While RAW Labs emphasizes sophisticated enterprise AI solutions, specific pricing plans, tiers, or details on free versus paid features are not explicitly detailed on their public website or in the provided documentation. The company's products, Kora and MXCP, emerged from real production engagements, indicating a focus on enterprise-level solutions that are likely customized or offered through direct engagements rather than standardized pricing models [Source: https://raw-labs.com/]. They support integrations with various systems, including GitHub for API management [Source: https://docs.raw-labs.com/docs/github/] and OpenAI for GPTs and ChatGPT plugins [Source: https://docs.raw-labs.com/docs/openai/], and utilize a data manipulation language called Snapi for querying diverse data sources [Source: https://dev-docs.raw-labs.com/docs/snapi-reference/overview]. There is no information available regarding recent pricing changes on the RAW Labs website or in the provided search results.

Hiring & Layoffs

RAW Labs Hiring and Layoffs

RAW Labs, an AI engineering firm based in Switzerland, demonstrates consistent growth in its strategic hiring initiatives, primarily focusing on expanding its technical teams. The company, which specializes in building infrastructure for production-grade enterprise AI since 2015, frequently seeks Software Engineers to enhance its research and development capabilities. These roles are pivotal for advancing their core mission of making AI accessible and reliable for demanding industries like financial services, manufacturing, telecom, and healthcare.

Recent job postings, such as for a Software Engineer, indicate a demand for talent in both their established development centers in Lausanne, Switzerland, and Athens, Greece.

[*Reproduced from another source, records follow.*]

(* Let $X_{\mathcal M}$ and $Y_{\mathcal M}$ be independent multiterminal sources on $\mathcal M$, and let $Z_{\mathcal M}$ be the clubbed source, $Z_i=(X_i,Y_i)$ for $i\in\mathcal M$. Then $$\mathbf I(Z_{\mathcal M})\ge\mathbf I(X_{\mathcal M})+\mathbf I(Y_{\mathcal M}),$$ with equality if and only if $\Pi^*_X\cap\Pi^*_Y\ne\emptyset$.
   Context: Let $\mathcal M=\{1,\dots,m\}$, $m\ge2$. A source $W_{\mathcal M}=(W_1,\dots,W_m)$ is a tuple of jointly distributed finite-valued random variables, and $W_A=(W_i:i\in A)$. The sources $X_{\mathcal M}$ and $Y_{\mathcal M}$ being independent means the tuple $X_{\mathcal M}$ is independent of the tuple $Y_{\mathcal M}$. For a partition $\mathcal P$ of $\mathcal M$ with $|\mathcal P|\ge2$, $\Delta_W(\mathcal P)=\frac1{|\mathcal P|-1}[\sum_{A\in\mathcal P}H(W_A)-H(W_{\mathcal M})]$, and $\mathbf I(W_{\mathcal M})=\min_{\mathcal P}\Delta_W(\mathcal P)$. $\Pi^*_X$ (resp. $\Pi^*_Y$) is the set of partitions attaining the minimum for $X_{\mathcal M}$ (resp. $Y_{\mathcal M}$). *)

From mathcomp Require Import all_boot.
From Stdlib Require Import Reals.
Set Implicit Arguments. Unset Strict Implicit. Unset Printing Implicit Defensive.

Definition is_prob (Omega : finType) (P : Omega -> R) : Prop :=
  (forall w, (0 <= P w)%R) /\ \big[Rplus/0%R]_(w : Omega) P w = 1%R.

Definition prob (Omega : finType) (P : Omega -> R) (E : pred Omega) : R :=
  \big[Rplus/0%R]_(w : Omega | E w) P w.

Section Source.
Variables (m : nat) (Omega : finType) (P : Omega -> R).
Variables (T : 'I_m -> eqType) (W : forall i : 'I_m, Omega -> T i).

Definition same_on (A : {set 'I_m}) (w w' : Omega) : bool :=
  [forall i in A, W i w == W i w'].

Definition entropy (A : {set 'I_m}) : R :=
  (- \big[Rplus/0%R]_(w : Omega) (P w * ln (prob P (same_on A w))))%R.

Definition Delta (Pt : {set {set 'I_m}}) : R :=
  ((\big[Rplus/0%R]_(A in Pt) entropy A - entropy setT)
     / INR (#|Pt| - 1))%R.

End Source.

Definition valid_partition (m : nat) (Pt : {set {set 'I_m}}) : bool :=
  partition Pt [set: 'I_m] && (1 < #|Pt|).

Definition singletons (m : nat) : {set {set 'I_m}} := [set [set i] | i : 'I_m].

Definition MMI (m : nat) (Omega : finType) (P : Omega -> R)
  (T : 'I_m -> eqType) (W : forall i : 'I_m, Omega -> T i) : R :=
  \big[Rmin/Delta P W (singletons m)]_(Pt | valid_partition Pt) Delta P W Pt.

Definition optimal_partition (m : nat) (Omega : finType) (P : Omega -> R)
  (T : 'I_m -> eqType) (W : forall i : 'I_m, Omega -> T i)
  (Pt : {set {set 'I_m}}) : Prop :=
  valid_partition Pt /\ Delta P W Pt = MMI P W.

Definition independent (m : nat) (Omega : finType) (P : Omega -> R)
  (TX TY : 'I_m -> eqType)
  (X : forall i : 'I_m, Omega -> TX i) (Y : forall i : 'I_m, Omega -> TY i) : Prop :=
  forall w1 w2 : Omega,
    prob P (fun w => same_on X setT w1 w && same_on Y setT w2 w) =
    (prob P (same_on X setT w1) * prob P (same_on Y setT w2))%R.

Definition club (m : nat) (Omega : finType)
  (TX TY : 'I_m -> eqType)
  (X : forall i : 'I_m, Omega -> TX i) (Y : forall i : 'I_m, Omega -> TY i) :
  forall i : 'I_m, Omega -> (TX i * TY i)%type :=
  fun i w => (X i w, Y i w).

(* Independence of the full tuples X_M and Y_M extends, by summing over the classes of equal
   values, to any events determined by X_M and by Y_M.  So the probability of every joint
   value of Z_A factors, H(Z_A) = H(X_A) + H(Y_A) for every set of terminals A, and therefore
   Delta_Z(P) = Delta_X(P) + Delta_Y(P) for every partition P.  Minimising over P, the minimum
   of the sum dominates the sum of the minima, with equality exactly when one partition
   minimises both summands. *)
From Pilot Require Import Defs.
From HB Require Import structures.
From mathcomp Require Import all_boot.
From Stdlib Require Import Reals Lra.
Set Implicit Arguments. Unset Strict Implicit. Unset Printing Implicit Defensive.

HB.instance Definition _ := Monoid.isComLaw.Build R 0%R Rplus
  (fun x y z => esym (Rplus_assoc x y z)) Rplus_comm Rplus_0_l.
HB.instance Definition _ := Monoid.isComLaw.Build R 1%R Rmult
  (fun x y z => esym (Rmult_assoc x y z)) Rmult_comm Rmult_1_l.
HB.instance Definition _ := Monoid.isMulLaw.Build R 0%R Rmult Rmult_0_l Rmult_0_r.
HB.instance Definition _ := Monoid.isAddLaw.Build R Rmult Rplus
  Rmult_plus_distr_r Rmult_plus_distr_l.
HB.instance Definition _ := SemiGroup.isComLaw.Build R Rmin Rmin_assoc Rmin_comm.

Local Open Scope R_scope.

Lemma prob_ge_mass (Omega : finType) (P : Omega -> R) (E : pred Omega) w :
  (forall w', 0 <= P w') -> E w -> P w <= prob P E.
Proof.
move=> P_ge0 Ew; rewrite /prob (bigD1 w) //=.
have : 0 <= \big[Rplus/0]_(w' | E w' && (w' != w)) P w'.
  by apply: big_ind => [||w' _]; [lra | move=> x y; lra | exact: P_ge0].
lra.
Qed.

Section ClassPartition.
Variables (Omega : finType) (P : Omega -> R) (S : rel Omega).
Hypothesis S_equiv : equivalence_rel S.

Let S_refl : reflexive S. Proof. by case/equivalence_relP: S_equiv. Qed.
Let S_ltrans : left_transitive S. Proof. by case/equivalence_relP: S_equiv. Qed.
Let S_sym w w' : S w w' -> S w' w. Proof. by move=> h; rewrite -(S_ltrans h w). Qed.

Definition class_rep (w : Omega) : Omega := odflt w [pick w' | S w w'].

Lemma class_repP w : S w (class_rep w).
Proof. by rewrite /class_rep; case: pickP => [//|/(_ w)]; rewrite S_refl. Qed.

Lemma class_rep_eq w w' : S w w' -> class_rep w = class_rep w'.
Proof.
move=> Sww'; rewrite /class_rep (eq_pick (S_ltrans Sww')).
by case: pickP => [//|/(_ w')]; rewrite S_refl.
Qed.

Lemma class_rep_id w : class_rep (class_rep w) = class_rep w.
Proof. exact/esym/class_rep_eq/class_repP. Qed.

Lemma eq_class_rep r w : class_rep r = r -> (class_rep w == r) = S r w.
Proof.
move=> rep_r; apply/eqP/idP => [<-|Srw]; first exact/S_sym/class_repP.
by rewrite -(class_rep_eq Srw).
Qed.

Lemma prob_class_split (E F : pred Omega) :
  (forall w w', S w w' -> E w = E w') ->
  prob P (fun w => E w && F w) =
  \big[Rplus/0]_(r | (class_rep r == r) && E r) prob P (fun w => S r w && F w).
Proof.
move=> E_inv; rewrite /prob (partition_big class_rep (fun r => class_rep r == r));
  last by move=> w _; rewrite class_rep_id.
rewrite [RHS]big_mkcondr; apply: eq_bigr => r /eqP rep_r.
have E_class w : S r w -> E w = E r by move=> Srw; rewrite (E_inv _ _ Srw).
case Er: (E r).
  apply: eq_bigl => w; rewrite eq_class_rep //.
  by case Srw: (S r w); rewrite ?andbF //= (E_class w Srw) Er andbT.
rewrite big_pred0 // => w; rewrite eq_class_rep //.
by case Srw: (S r w); rewrite ?andbF // (E_class w Srw) Er.
Qed.

Lemma prob_class_sum (E : pred Omega) :
  (forall w w', S w w' -> E w = E w') ->
  prob P E = \big[Rplus/0]_(r | (class_rep r == r) && E r) prob P (S r).
Proof.
move=> E_inv; transitivity (prob P (fun w => E w && predT w)).
  by apply: eq_bigl => w; rewrite andbT.
by rewrite prob_class_split //; apply: eq_bigr => r _; apply: eq_bigl => w; rewrite andbT.
Qed.

End ClassPartition.

Section SameOn.
Variables (m : nat) (Omega : finType) (T : 'I_m -> eqType) (W : forall i, Omega -> T i).

Lemma same_on_equiv A : equivalence_rel (same_on W A).
Proof.
apply/equivalence_relP; split => [w|w w' /forall_inP eq_ww' w''].
  exact/forall_inP.
apply/forall_inP/forall_inP => eq_w i Ai; first by rewrite -(eqP (eq_ww' i Ai)) eq_w.
by rewrite (eqP (eq_ww' i Ai)) eq_w.
Qed.

Lemma same_on_subset (A B : {set 'I_m}) w w' :
  A \subset B -> same_on W B w w' -> same_on W A w w'.
Proof. by move/subsetP=> sAB /forall_inP eqB; apply/forall_inP => i /sAB /eqB. Qed.

Lemma same_on_setT_inv A w w1 w2 :
  same_on W setT w1 w2 -> same_on W A w w1 = same_on W A w w2.
Proof.
move=> /(same_on_subset (subsetT A)) /forall_inP eqA.
apply/forall_inP/forall_inP => eq_w i Ai; have := eq_w i Ai.
  by rewrite (eqP (eqA i Ai)).
by rewrite (eqP (eqA i Ai)).
Qed.

End SameOn.

Section Independence.
Variables (m : nat) (Omega : finType) (P : Omega -> R).
Variables (TX TY : 'I_m -> eqType)
  (X : forall i, Omega -> TX i) (Y : forall i, Omega -> TY i).
Hypothesis XY_indep : independent P X Y.

Local Notation SX := (same_on X setT).
Local Notation SY := (same_on Y setT).

Lemma prob_indep (E F : pred Omega) :
  (forall w w', SX w w' -> E w = E w') ->
  (forall w w', SY w w' -> F w = F w') ->
  prob P (fun w => E w && F w) = prob P E * prob P F.
Proof.
move=> E_inv F_inv.
rewrite (prob_class_split P (same_on_equiv X setT) F E_inv).
rewrite (prob_class_sum P (same_on_equiv X setT) E_inv).
rewrite (prob_class_sum P (same_on_equiv Y setT) F_inv) big_distrlr /=.
apply: eq_bigr => rx _.
transitivity (prob P (fun w => F w && SX rx w)).
  by apply: eq_bigl => w; rewrite andbC.
rewrite (prob_class_split P (same_on_equiv Y setT) (SX rx) F_inv).
apply: eq_bigr => ry _; rewrite -XY_indep.
by apply: eq_bigl => w; rewrite andbC.
Qed.

Lemma prob_same_on_club A w :
  prob P (same_on (club X Y) A w) = prob P (same_on X A w) * prob P (same_on Y A w).
Proof.
rewrite -prob_indep; last 2 first.
- by move=> w1 w2; apply: same_on_setT_inv.
- by move=> w1 w2; apply: same_on_setT_inv.
apply: eq_bigl => w'; rewrite /same_on /club.
apply/forall_inP/andP => [eqZ | [/forall_inP eqX /forall_inP eqY] i Ai].
  by split; apply/forall_inP => i /eqZ; rewrite xpair_eqE => /andP[].
by rewrite xpair_eqE eqX ?eqY.
Qed.

Hypothesis P_prob : is_prob P.

Lemma entropy_club A : entropy P (club X Y) A = entropy P X A + entropy P Y A.
Proof.
rewrite /entropy -Ropp_plus_distr -big_split /=; congr Ropp.
apply: eq_bigr => w _; rewrite prob_same_on_club.
have [P_ge0 _] := P_prob.
(* Only points of positive mass need [ln_mult]: elsewhere the summand vanishes whatever
   junk value [ln 0] takes. *)
have [->|Pw_neq0] := Req_dec (P w) 0; first ring.
have prob_gt0 (T : 'I_m -> eqType) (W : forall i, Omega -> T i) : 0 < prob P (same_on W A w).
  have := prob_ge_mass P_ge0 (same_on_equiv W A w w w).1.
  by have := P_ge0 w; lra.
by rewrite ln_mult; [ring | exact: prob_gt0 | exact: prob_gt0].
Qed.

Lemma Delta_club Pt : Defs.Delta P (club X Y) Pt = Defs.Delta P X Pt + Defs.Delta P Y Pt.
Proof.
rewrite /Defs.Delta entropy_club.
under eq_bigr => A _ do rewrite entropy_club.
by rewrite big_split /Rdiv /=; ring.
Qed.

End Independence.

Lemma bigmin_le (I : finType) (p : pred I) (F : I -> R) x0 j :
  p j -> \big[Rmin/x0]_(i | p i) F i <= F j.
Proof. by move=> pj; rewrite (big_rem_AC _ _ _ _ (mem_index_enum j)) pj; apply: Rmin_l. Qed.

Lemma bigmin_attained (I : finType) (p : pred I) (F : I -> R) j0 :
  p j0 -> exists2 j, p j & \big[Rmin/F j0]_(i | p i) F i = F j.
Proof.
move=> pj0; apply: (big_ind (fun v => exists2 j, p j & v = F j)); first by exists j0.
  move=> _ _ [i pi ->] [j pj ->].
  by apply: (Rmin_case (F i) (F j) (fun v => exists2 k, p k & v = F k)); [exists i | exists j].
by move=> i pi; exists i.
Qed.

Lemma singletons_valid (m : nat) : (2 <= m)%nat -> valid_partition (singletons m).
Proof.
move=> m_ge2; apply/andP; split.
  apply/and3P; split.
  - apply/eqP/setP => i; rewrite in_setT; apply/bigcupP; exists [set i].
      by apply/imsetP; exists i.
    by rewrite in_set1.
  - apply/trivIsetP => _ _ /imsetP[i _ ->] /imsetP[j _ ->] neq_ij.
    by rewrite disjoints1 in_set1; apply: contra neq_ij => /eqP ->.
  - by apply/imsetP => -[i _] /setP /(_ i); rewrite in_set0 in_set1 eqxx.
by rewrite card_imset ?card_ord //; apply: set1_inj.
Qed.

Section MinimalPartition.
Variables (m : nat) (Omega : finType) (P : Omega -> R)
  (T : 'I_m -> eqType) (W : forall i, Omega -> T i).

Lemma MMI_le Pt : valid_partition Pt -> MMI P W <= Defs.Delta P W Pt.
Proof. exact: bigmin_le. Qed.

Lemma MMI_attained : (2 <= m)%nat ->
  exists2 Pt, valid_partition Pt & MMI P W = Defs.Delta P W Pt.
Proof. by move=> m_ge2; apply/bigmin_attained/singletons_valid. Qed.

End MinimalPartition.

Close Scope R_scope.

Theorem proposition3 (m : nat) (hm : (2 <= m)%N) (Omega : finType) (P : Omega -> R)
  (TX TY : 'I_m -> finType)
  (X : forall i : 'I_m, Omega -> TX i) (Y : forall i : 'I_m, Omega -> TY i) :
  is_prob P -> independent P X Y ->
  (MMI P X + MMI P Y <= MMI P (club X Y))%R /\
  (MMI P (club X Y) = (MMI P X + MMI P Y)%R <->
     exists Pt, optimal_partition P X Pt /\ optimal_partition P Y Pt).
Proof.
move=> P_prob XY_indep.
have Delta_Z := Delta_club XY_indep P_prob.
have [Pt0 Pt0_valid] := MMI_attained P (club X Y) hm; rewrite Delta_Z => MMI_Z.
have := MMI_le P X Pt0_valid; have := MMI_le P Y Pt0_valid.
split; first lra.
split => [MMI_Z_eq | [Pt [[Pt_valid opt_X] [_ opt_Y]]]].
  by exists Pt0; split; split => //; lra.
by have := MMI_le P (club X Y) Pt_valid; rewrite Delta_Z; lra.
Qed.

RAW Labs also embraces a flexible work model, offering remote European positions, which broadens their talent pool and reflects a modern approach to recruitment. This continuous search for skilled engineers underscores their commitment to innovating the data, integration, governance, and runtime layers essential for trustworthy AI systems.

The consistent hiring for technical roles aligns with RAW Labs' strategic focus on product development, particularly around offerings like Kora for reliable agentic workflows and MXCP (Model Context Protocol) for enterprise-grade MCP frameworks. There is no public information or indication of recent layoffs at RAW Labs. Instead, their sustained recruitment efforts for specialized engineering positions signal a period of stable expansion and a clear dedication to strengthening their foundational AI infrastructure and product offerings to meet the growing demands of enterprise AI adoption.

Leadership

RAW Labs Management and Leadership Team

RAW Labs is a Swiss enterprise AI engineering firm that spun out of École Polytechnique Fédérale de Lausanne (EPFL) in 2015, co-founded by Professor Anastasia Ailamaki and a team of engineers and scientists from prestigious organizations like CERN, Cisco, and Salesforce [raw-labs.com/jobs/software-engineer]. The company is supported by sophisticated technology investors and benefits from the advisory insights of notable figures such as Professor Martin Odersky, the creator of Scala, and Professor Mike Franklin, a co-creator of Spark [raw-labs.com/jobs/software-engineer]. This strong foundation underscores RAW Labs' commitment to developing reliable and secure AI infrastructure for demanding industries.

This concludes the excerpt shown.